Entries provided Block Start
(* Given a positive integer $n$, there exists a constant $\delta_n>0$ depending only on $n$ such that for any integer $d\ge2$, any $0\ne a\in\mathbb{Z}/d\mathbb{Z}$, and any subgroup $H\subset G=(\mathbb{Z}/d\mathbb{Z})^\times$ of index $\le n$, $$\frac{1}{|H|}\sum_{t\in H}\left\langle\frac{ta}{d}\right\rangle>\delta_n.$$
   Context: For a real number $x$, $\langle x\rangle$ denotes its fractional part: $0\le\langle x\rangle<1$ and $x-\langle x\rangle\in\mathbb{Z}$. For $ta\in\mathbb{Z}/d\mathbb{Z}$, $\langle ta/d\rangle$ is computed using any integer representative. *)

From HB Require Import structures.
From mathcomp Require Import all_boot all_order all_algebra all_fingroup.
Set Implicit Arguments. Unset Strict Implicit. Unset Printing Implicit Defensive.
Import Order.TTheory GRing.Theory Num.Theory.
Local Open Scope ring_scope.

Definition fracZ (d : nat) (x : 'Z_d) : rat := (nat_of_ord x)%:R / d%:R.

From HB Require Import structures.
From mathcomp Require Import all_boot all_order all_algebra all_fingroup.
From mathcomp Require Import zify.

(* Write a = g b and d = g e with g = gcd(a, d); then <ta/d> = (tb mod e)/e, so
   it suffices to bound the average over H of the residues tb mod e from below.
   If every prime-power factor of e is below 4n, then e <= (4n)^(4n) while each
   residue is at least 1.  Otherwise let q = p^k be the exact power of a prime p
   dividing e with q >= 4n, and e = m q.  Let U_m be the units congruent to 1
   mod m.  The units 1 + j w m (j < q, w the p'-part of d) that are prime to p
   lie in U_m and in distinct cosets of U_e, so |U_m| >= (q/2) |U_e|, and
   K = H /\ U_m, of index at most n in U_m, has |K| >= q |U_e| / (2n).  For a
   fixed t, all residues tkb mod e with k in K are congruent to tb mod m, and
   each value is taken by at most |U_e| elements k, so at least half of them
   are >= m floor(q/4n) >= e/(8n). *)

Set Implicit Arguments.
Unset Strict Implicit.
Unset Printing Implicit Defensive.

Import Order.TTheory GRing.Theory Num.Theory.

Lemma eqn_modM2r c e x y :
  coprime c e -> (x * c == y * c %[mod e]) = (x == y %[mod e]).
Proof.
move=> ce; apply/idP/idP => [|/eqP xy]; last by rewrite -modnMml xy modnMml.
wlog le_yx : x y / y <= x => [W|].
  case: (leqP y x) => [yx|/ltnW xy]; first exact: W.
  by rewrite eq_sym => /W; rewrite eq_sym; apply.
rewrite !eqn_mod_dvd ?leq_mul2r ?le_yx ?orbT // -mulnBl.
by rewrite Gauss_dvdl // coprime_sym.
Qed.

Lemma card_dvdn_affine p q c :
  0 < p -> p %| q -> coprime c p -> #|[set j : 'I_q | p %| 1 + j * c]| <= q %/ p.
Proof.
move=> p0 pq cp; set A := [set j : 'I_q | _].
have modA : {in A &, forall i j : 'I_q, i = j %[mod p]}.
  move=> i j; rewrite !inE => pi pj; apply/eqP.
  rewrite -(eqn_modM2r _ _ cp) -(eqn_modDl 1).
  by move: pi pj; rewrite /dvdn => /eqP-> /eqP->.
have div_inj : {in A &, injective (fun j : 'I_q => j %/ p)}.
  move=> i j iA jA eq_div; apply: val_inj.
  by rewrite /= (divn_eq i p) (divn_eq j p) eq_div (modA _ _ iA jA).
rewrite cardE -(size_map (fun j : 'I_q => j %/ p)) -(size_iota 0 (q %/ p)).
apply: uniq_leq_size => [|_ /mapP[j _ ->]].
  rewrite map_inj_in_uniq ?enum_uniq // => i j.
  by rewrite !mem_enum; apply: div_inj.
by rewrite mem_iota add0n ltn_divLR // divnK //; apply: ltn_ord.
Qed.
Entries provided Block End
Above this instruction are the records; retype exactly the lines from the one containing "0 < p -> p %| q -> coprime" up to and including the one containing "by rewrite /= (divn_eq".

  0 < p -> p %| q -> coprime c p -> #|[set j : 'I_q | p %| 1 + j * c]| <= q %/ p.
Proof.
move=> p0 pq cp; set A := [set j : 'I_q | _].
have modA : {in A &, forall i j : 'I_q, i = j %[mod p]}.
  move=> i j; rewrite !inE => pi pj; apply/eqP.
  rewrite -(eqn_modM2r _ _ cp) -(eqn_modDl 1).
  by move: pi pj; rewrite /dvdn => /eqP-> /eqP->.
have div_inj : {in A &, injective (fun j : 'I_q => j %/ p)}.
  move=> i j iA jA eq_div; apply: val_inj.
  by rewrite /= (divn_eq i p) (divn_eq j p) eq_div (modA _ _ iA jA).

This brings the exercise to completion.